Association plus que centenaire, la Philotechnique est une association incontournable de Bois-Colombes, que la municipalité est en train de laisser mourir.

Cette association offre sur tout le Nord du département, des formations variées ainsi que les formations du CNAM.

Elle emploie actuellement 53 salariés. Deux d’entre eux sont en conflit avec l’association depuis plus de 10 ans pour revendiquer un contrat à durée indéterminée.

Plusieurs décisions de justice (dont un arrêt de la Cour de Cassation) leur ont donné raison, la dernière en date étant un arrêt de la Cour d’Appel de PARIS de mars 2013 donnant droit aux deux salariés à d’importants rappels de salaires (car l’Association ayant toujours refusé d’exécuter les décisions de justice, elle a continué de verser un salaire inférieur à celui fixé par les Tribunaux).

Le Président de l’Association a alors multiplié les recours (il a ainsi introduit un 2ème pourvoi en cassation), conduisant la PHILO à dépenser des sommes extrêmement importantes en frais d’avocats. Plusieurs administrateurs, en désaccord avec l’acharnement procédural du Président, ont alors démissionné.

Arguant de cette importante dette de la PHILO et bien que les deux salariés aient réitéré à plusieurs reprises leur volonté de négocier afin de ne pas mettre en péril les emplois de l’Association, le Président a déposé une déclaration de cessation des paiements en demandant le redressement judiciaire de l’Association, d’autant que, suite à une saisie effectuée par les salariés entre les mains de la Région, cette dernière a bloqué le versement des subventions.

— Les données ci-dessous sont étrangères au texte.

Lemma val2_offset_sq : val2 (offset_sq A Q) (-2 * N - 2).
Proof.
  unfold offset_sq.
  assert (Hm : val2 (Q + IZR (-1)) (-2 * N)) by (apply val2_plus_IZR; auto; lia).
  assert (Hp : val2 (Q + IZR 1) (-2 * N)) by (apply val2_plus_IZR; auto; lia).
  assert (Hnum : val2 ((Q * Q + A * Q + 1) * ((Q - 1) * (Q - 1)))
                      (-4 * N + (-2 * N + -2 * N))).
  { apply val2_mul.
    - apply val2_plus_ge with 0%Z; [|apply (val2_ge_IZR 1)|lia].
      apply val2_plus_ge with (-2 * N)%Z; auto; [|lia].
      replace (-2 * N)%Z with (0 + -2 * N)%Z by lia.
      apply val2_ge_mul; auto. now apply val2_ge_of_val2.
    - replace (Q - 1) with (Q + IZR (-1)) by ring. now apply val2_mul. }
  assert (Hden : val2 (4 * Q * ((Q + 1) * (Q + 1))) (2 + -2 * N + (-2 * N + -2 * N))).
  { apply val2_mul; [apply val2_mul; auto using val2_four|].
    replace (Q + 1) with (Q + IZR 1) by ring. now apply val2_mul. }
  replace (-2 * N - 2)%Z
    with ((-4 * N + (-2 * N + -2 * N)) - (2 + -2 * N + (-2 * N + -2 * N)))%Z by lia.
  now apply val2_div.
Qed.

End Valuations.

Fixpoint dbl_iter (A Q0 w0 : R) (n : nat) : R * R :=
  match n with
  | O => (Q0, w0)
  | S k => let (Q, w) := dbl_iter A Q0 w0 k in (dbl_x A Q w, dbl_y A Q w)
  end.

Definition in_band_dec (c Q : R) : {in_band c Q} + {~ in_band c Q}.
Proof.
  unfold in_band.
  destruct (Rle_dec (c * c / 4) (offset_sq (2 + c * c) Q));
    destruct (Rle_dec (offset_sq (2 + c * c) Q) ((c / 2 + 2 / c) ^ 2));
    [left | right ..]; tauto.
Defined.

Definition midline_family (c : R) : Prop :=
  IsRat c /\ exists X : nat -> R,
    (forall n m, X n = X m -> n = m) /\ forall n, good_abscissa c (X n).

Section Abscissae.
Variables c g Q0 w0 : R.
Hypothesis c_ge2 : 2 <= c.
Hypothesis g_sq : c * c / 4 + 1 = g * g.
Hypothesis c_rat : IsRat c.
Hypothesis g_rat : IsRat g.
Hypothesis A_int : val2_ge (2 + c * c) 0.
Hypothesis g_val : val2 (g * g) 0.
Hypothesis start_on_curve : w0 * w0 = curve_rhs (2 + c * c) Q0.
Hypothesis Q0_pos : 0 < Q0.
Hypothesis Q0_rat : IsRat Q0.
Hypothesis w0_rat : IsRat w0.
Hypothesis Q0_val : val2 Q0 (-4).

Let A := 2 + c * c.

Lemma dbl_iter_spec n : let (Q, w) := dbl_iter A Q0 w0 n in
  w * w = curve_rhs A Q /\ 0 < Q /\ IsRat Q /\ IsRat w /\
  val2 Q (-2 * (Z.of_nat n + 2)).
Proof.
  assert (RA : IsRat A) by (unfold A; israt).
  induction n as [|n IH]; [now repeat split|].
  simpl. destruct (dbl_iter A Q0 w0 n) as [Q w]. destruct IH as (H & HQ & RQ & Rw & VQ).
  assert (Hw : w <> 0).
  { intro E. rewrite E in H. unfold curve_rhs, A in H. nra. }
  destruct (IsRat_dbl A Q w RA RQ Rw) as [RQ' Rw'].
  assert (VQ' : val2 (dbl_x A Q w) (-2 * (Z.of_nat (S n) + 2))).
  { rewrite dbl_x_eq by auto.
    replace (-2 * (Z.of_nat (S n) + 2))%Z with (-2 * (Z.of_nat n + 2) - 2)%Z by lia.
    apply val2_dbl_x; auto. lia. }
  repeat split; auto using dbl_on_curve.
  assert (0 <= dbl_x A Q w).
  { rewrite dbl_x_eq by auto. apply Rle_mult_inv_pos; [apply pow2_ge_0|].
    rewrite <- H. unfold curve_rhs, A in *. nra. }
  pose proof (val2_neq0 _ _ VQ'). lra.
Qed.

Definition abscissa_at (n : nat) : R :=
  let (Q, w) := dbl_iter A Q0 w0 n in c / 2 + choose_offset c g Q w.

Lemma abscissa_at_spec n : ~ in_band c (fst (dbl_iter A Q0 w0 n)) ->
  good_abscissa c (abscissa_at n) /\
  exists e, Z.abs e = (2 * Z.of_nat n + 6)%Z /\
            val2 ((abscissa_at n - c / 2) * (abscissa_at n - c / 2)) e.
Proof.
  pose proof (dbl_iter_spec n) as Hn. unfold abscissa_at.
  destruct (dbl_iter A Q0 w0 n) as [Q w]. cbn [fst].
  intros Hband. destruct Hn as (H & HQ & RQ & Rw & VQ).
  destruct (choose_offset_spec c g Q w c_ge2 g_sq H HQ c_rat g_rat RQ Rw Hband)
    as [Hgood HY].
  replace (c / 2 + choose_offset c g Q w - c / 2) with (choose_offset c g Q w) by ring.
  split; auto.
  assert (Vh : val2 (offset_sq A Q) (-2 * (Z.of_nat n + 2) - 2))
    by (apply val2_offset_sq; auto; lia).
  destruct HY as [E|E]; rewrite E.
  - exists (-2 * (Z.of_nat n + 2) - 2)%Z. split; [lia | exact Vh].
  - exists ((0 + 0) - (-2 * (Z.of_nat n + 2) - 2))%Z. split; [lia|].
    apply val2_div; auto. now apply val2_mul.
Qed.

Definition abscissa (k : nat) : R :=
  if in_band_dec c (fst (dbl_iter A Q0 w0 (2 * k))) then abscissa_at (S (2 * k))
  else abscissa_at (2 * k).

Lemma abscissa_spec k : exists j, (j = 2 * k \/ j = S (2 * k))%nat /\
  good_abscissa c (abscissa k) /\
  exists e, Z.abs e = (2 * Z.of_nat j + 6)%Z /\
            val2 ((abscissa k - c / 2) * (abscissa k - c / 2)) e.
Proof.
  unfold abscissa. destruct in_band_dec as [Hband|Hband].
  - exists (S (2 * k)). split; [now right|]. apply abscissa_at_spec.
    pose proof (dbl_iter_spec (2 * k)) as Hk. cbn [dbl_iter].
    destruct (dbl_iter A Q0 w0 (2 * k)) as [Q w]. cbn [fst] in *.
    destruct Hk as (H & HQ & _ & _ & _). intros Hband'.
    assert (Hw : w <> 0) by (intro E; rewrite E in H; unfold curve_rhs, A in H; nra).
    unfold in_band in Hband'. rewrite dbl_x_eq in Hband' by auto.
    pose proof (dbl_leaves_band c Q c_ge2 HQ Hband). unfold A in *. lra.
  - exists (2 * k)%nat. split; [now left|]. now apply abscissa_at_spec.
Qed.

Lemma abscissa_inj k1 k2 : abscissa k1 = abscissa k2 -> k1 = k2.
Proof.
  intros E.
  destruct (abscissa_spec k1) as (j1 & Hj1 & _ & e1 & He1 & V1).
  destruct (abscissa_spec k2) as (j2 & Hj2 & _ & e2 & He2 & V2).
  rewrite E in V1. pose proof (val2_unique _ _ _ V1 V2). subst e2.
  lia.
Qed.

Lemma midline_family_of_start : midline_family c.
Proof.
  split; auto. exists abscissa. split; [exact abscissa_inj|].
  intros k. now destruct (abscissa_spec k) as (j & _ & Hk & _).
Qed.

End Abscissae.

(** * Starting points *)

Lemma half_diff_inv_sq t : t <> 0 ->
  (t - / t) * (t - / t) / 4 + 1 = (t * t + 1) / (2 * t) * ((t * t + 1) / (2 * t)).
Proof. intros. field. auto. Qed.

Section NegativePoint.
Variables t r : R.
Hypothesis t_neq0 : t <> 0.
Hypothesis r_sq : r * r = t * t + t + 1.
Let A := 2 + (t - / t) * (t - / t).

Lemma neg_on_curve : ((t - 1) * r) * ((t - 1) * r) = curve_rhs A (- t).
Proof.
  replace ((t - 1) * r * ((t - 1) * r)) with ((t - 1) * (t - 1) * (r * r)) by ring.
  rewrite r_sq. unfold A, curve_rhs. field. auto.
Qed.

Lemma neg_dbl_x : t - 1 <> 0 -> r <> 0 ->
  dbl_x A (- t) ((t - 1) * r) = (t + 1) * (t + 1) / (4 * (r * r)).
Proof.
  intros Ht1 Hr.
  rewrite dbl_x_eq by (apply neg_on_curve || now apply Rmult_integral_contrapositive_currified).
  rewrite <- neg_on_curve. field. auto.
Qed.

End NegativePoint.

(* [tau_jq j q] parametrizes the conic r^2 = t^2 + t + 1, with
   r = (16 j^2 - 4 j q + q^2) / (q^2 - 16 j^2). *)
Definition tau_jq (j q : Z) : R := IZR ((8 * j - q) * q) / IZR (q * q - 16 * j * j).
Definition c_jq (j q : Z) : R := tau_jq j q - / tau_jq j q.

Ltac zodd Hj Hq := repeat (rewrite ?Z.odd_add, ?Z.odd_sub, ?Z.odd_mul, ?Hj, ?Hq); reflexivity.

Section StartPoint.
Variables j q : Z.
Hypothesis j_odd : Z.odd j = true.
Hypothesis q_odd : Z.odd q = true.

Let a0 := ((8 * j - q) * q)%Z.
Let b0 := (q * q - 16 * j * j)%Z.
Let r0 := (16 * j * j - 4 * j * q + q * q)%Z.
Let t := tau_jq j q.
Let r := IZR r0 / IZR b0.
Let c := c_jq j q.
Let A := 2 + c * c.

Let a0_odd : Z.odd a0 = true. Proof. unfold a0. zodd j_odd q_odd. Qed.
Let b0_odd : Z.odd b0 = true. Proof. unfold b0. zodd j_odd q_odd. Qed.
Let r0_odd : Z.odd r0 = true. Proof. unfold r0. zodd j_odd q_odd. Qed.
Let a0_neq0 := IZR_odd_neq0 a0 a0_odd.
Let b0_neq0 := IZR_odd_neq0 b0 b0_odd.

Let t_neq0 : t <> 0.
Proof. apply Rmult_integral_contrapositive_currified; auto with real. Qed.

Let r_neq0 : r <> 0.
Proof.
  apply Rmult_integral_contrapositive_currified;
    auto using IZR_odd_neq0 with real.
Qed.

Let r_sq : r * r = t * t + t + 1.
Proof.
  assert (E : IZR (r0 * r0) = IZR (a0 * a0 + a0 * b0 + b0 * b0))
    by (f_equal; unfold r0, a0, b0; ring).
  rewrite !plus_IZR, !mult_IZR in E.
  unfold r, t, tau_jq. fold a0 b0.
  apply Rmult_eq_reg_r with (IZR b0 * IZR b0);
    [|now apply Rmult_integral_contrapositive_currified].
  transitivity (IZR r0 * IZR r0); [field; auto|]. rewrite E. field. auto.
Qed.

Let t_plus1_neq0 : t + 1 <> 0.
Proof.
  unfold t, tau_jq. fold a0 b0. intro E.
  assert (E' : IZR (a0 + b0) = 0).
  { rewrite plus_IZR. replace (IZR a0) with ((IZR a0 / IZR b0 + 1 - 1) * IZR b0)
      by (field; auto). rewrite E. ring. }
  apply eq_IZR_R0 in E'. unfold a0, b0 in E'.
  destruct (proj1 (Z.odd_spec j) j_odd) as [x ->].
  destruct (proj1 (Z.odd_spec q) q_odd) as [y ->]. lia.
Qed.

Let c_rat : IsRat c.
Proof. unfold c, c_jq, tau_jq. israt. Qed.

Let A_int : val2_ge A 0.
Proof.
  assert (Hc : val2_ge c 0).
  { exists (a0 * a0 - b0 * b0)%Z, (a0 * b0)%Z. split; [now apply Z_odd_mul|].
    unfold c, c_jq, tau_jq. fold a0 b0.
    rewrite minus_IZR, !mult_IZR. simpl powerRZ. field. auto. }
  apply val2_ge_plus; [apply (val2_ge_IZR 2)|].
  replace 0%Z with (0 + 0)%Z by reflexivity. now apply val2_ge_mul.
Qed.

Let g := (t * t + 1) / (2 * t).

Let g_rat : IsRat g.
Proof. unfold g, t, tau_jq. israt. Qed.

Let g_val : val2 (g * g) 0.
Proof.
  assert (Hg : val2 g 0).
  { destruct (proj1 (Z.odd_spec a0) a0_odd) as [x Hx].
    destruct (proj1 (Z.odd_spec b0) b0_odd) as [y Hy].
    set (o := (2 * (x * x + x + y * y + y) + 1)%Z).
    exists o, (a0 * b0)%Z.
    repeat split; [apply Z.odd_spec; eexists; reflexivity|now apply Z_odd_mul|].
    assert (Eo : IZR o = (IZR a0 * IZR a0 + IZR b0 * IZR b0) / 2).
    { rewrite <- !mult_IZR, <- plus_IZR.
      replace (a0 * a0 + b0 * b0)%Z with (2 * o)%Z by (unfold o; rewrite Hx, Hy; ring).
      rewrite mult_IZR. field. }
    unfold g, t, tau_jq. fold a0 b0.
    rewrite Eo, mult_IZR. simpl powerRZ. field. auto. }
  replace 0%Z with (0 + 0)%Z by reflexivity. now apply val2_mul.
Qed.

Hypothesis c_ge2 : 2 <= c.

Let t_sub1_neq0 : t - 1 <> 0.
Proof.
  intro E. unfold c, c_jq in c_ge2. fold t in c_ge2.
  replace t with 1 in c_ge2 by lra. rewrite Rinv_1 in c_ge2. lra.
Qed.

Let A_eq : A = 2 + (t - / t) * (t - / t).
Proof. reflexivity. Qed.

Let w := (t - 1) * r.
Let Q2 := dbl_x A (- t) w.

Let w_rat : IsRat w.
Proof. unfold w, r, t, tau_jq. israt. Qed.

Let Q2_eq : Q2 = (t + 1) * (t + 1) / (4 * (r * r)).
Proof. unfold Q2, w. rewrite A_eq. now apply neg_dbl_x. Qed.

Let Q2_pos : 0 < Q2.
Proof.
  rewrite Q2_eq. apply Rdiv_lt_0_compat; [|apply Rmult_lt_0_compat; [lra|]];
    apply Rsqr_pos_lt; auto.
Qed.

Let inv_Q2_val : val2 (/ Q2) (-4).
Proof.
  exists (r0 * r0)%Z, (j * j * (q - 2 * j) * (q - 2 * j))%Z.
  repeat split; [now apply Z_odd_mul | zodd j_odd q_odd |].
  assert (Ej : IZR j <> 0) by now apply IZR_odd_neq0.
  assert (Eqj : IZR (q - 2 * j) <> 0) by (apply IZR_odd_neq0; zodd j_odd q_odd).
  assert (Et : t + 1 = IZR (8 * j * (q - 2 * j)) / IZR b0).
  { unfold t, tau_jq. fold a0 b0. apply Rmult_eq_reg_r with (IZR b0); auto.
    transitivity (IZR (a0 + b0)); [rewrite plus_IZR; field; auto|].
    transitivity (IZR (8 * j * (q - 2 * j))); [f_equal; unfold a0, b0; ring|].
    field. auto. }
  rewrite Q2_eq, Et. unfold r. rewrite !mult_IZR in *. simpl powerRZ.
  field. repeat split; auto using IZR_odd_neq0.
Qed.

Lemma midline_family_c_jq : midline_family c.
Proof.
  assert (Hon : w * w = curve_rhs A (- t)) by (unfold w; rewrite A_eq; now apply neg_on_curve).
  assert (Hw : w <> 0) by now apply Rmult_integral_contrapositive_currified.
  assert (RA : IsRat A) by (unfold A; israt).
  destruct (IsRat_dbl A (- t) w RA ltac:(unfold t, tau_jq; israt) w_rat) as [RQ2 Rw2].
  apply (midline_family_of_start c g (/ Q2) (- dbl_y A (- t) w / (Q2 * Q2))); auto.
  - unfold g, c. apply half_diff_inv_sq; auto.
  - apply inv_on_curve; [now apply dbl_on_curve | lra].
  - now apply Rinv_0_lt_compat.
  - israt.
  - israt.
Qed.

End StartPoint.

(** * Density *)

Definition tau_of_m (m : R) : R := (2 * m - 1) / (1 - m * m).
Definition c_of_m (m : R) : R := tau_of_m m - / tau_of_m m.

Lemma c_jq_eq j q : Z.odd j = true -> Z.odd q = true ->
  c_jq j q = c_of_m (IZR (4 * j) / IZR q).
Proof.
  intros Hj Hq.
  assert (Nq : IZR q <> 0) by now apply IZR_odd_neq0.
  assert (Nb : IZR (q * q - 16 * j * j) <> 0) by (apply IZR_odd_neq0; zodd Hj Hq).
  assert (E : tau_of_m (IZR (4 * j) / IZR q) = tau_jq j q).
  { unfold tau_of_m, tau_jq. rewrite !mult_IZR, !minus_IZR, !mult_IZR in *.
    field. auto. }
  unfold c_jq, c_of_m. now rewrite E.
Qed.

Lemma tau_of_m_lt m1 m2 : 1 / 2 < m1 -> m1 < m2 -> m2 < 1 ->
  0 < tau_of_m m1 < tau_of_m m2.
Proof.
  intros H1 H12 H2. unfold tau_of_m. split; [apply Rdiv_lt_0_compat; nra|].
  apply Rlt_0_minus.
  replace ((2 * m2 - 1) / (1 - m2 * m2) - (2 * m1 - 1) / (1 - m1 * m1))
    with ((m2 - m1) * (2 - m1 - m2 + 2 * m1 * m2) / ((1 - m1 * m1) * (1 - m2 * m2)))
    by (field; split; nra).
  apply Rdiv_lt_0_compat; apply Rmult_lt_0_compat; nra.
Qed.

Lors de la première audience et accueillant favorablement l’argumentation des salariés, le Tribunal, avant toute décision sur un éventuel redressement, a ordonné une enquête. Cette enquête ayant conclu à l’état de cessation des paiements à défaut d’accord transactionnel entre les salariés et l’Association et de versement des subventions, le redressement judiciaire de la PHILO a été ordonné le 11 avril dernier avec une période d’observation de six mois.
Alors qu’il a toujours affirmé se soucier de l’avenir de la PHILO, le Président a, le 7 mai dernier, présenté sa démission, laissant ainsi l’Association sans organe dirigeant, ce qui aurait pu être catastrophique.

Grâce à la mobilisation des salariés et des auditeurs, de nouveaux administrateurs ont été désignés et un nouveau Président nommé.

Ce Président a repris les négociations avec les salariés qui, soucieux de préserver l’avenir de la PHILO et des 53 emplois, ont consenti à d’importantes concessions. Un accord est donc sur le point d’être conclu.

L’avenir de la PHILO reste toutefois suspendu à la décision que prendra le Tribunal le 27 juin quant à la poursuite du redressement judiciaire ou au prononcé de la liquidation judiciaire.

En cautionnant le comportement de l’ancien président depuis le début du litige, en n’émettant pas la moindre critique à l’égard de ses décisions, en refusant la moindre intervention en faveur d’un apaisement du conflit, Monsieur REVILLON portera incontestablement une part de responsabilité, si la Philo est liquidée et que 53 personnes perdent leur emploi.
Pourquoi M. Réveillon n’a pas joué son rôle de premier magistrat de la ville ?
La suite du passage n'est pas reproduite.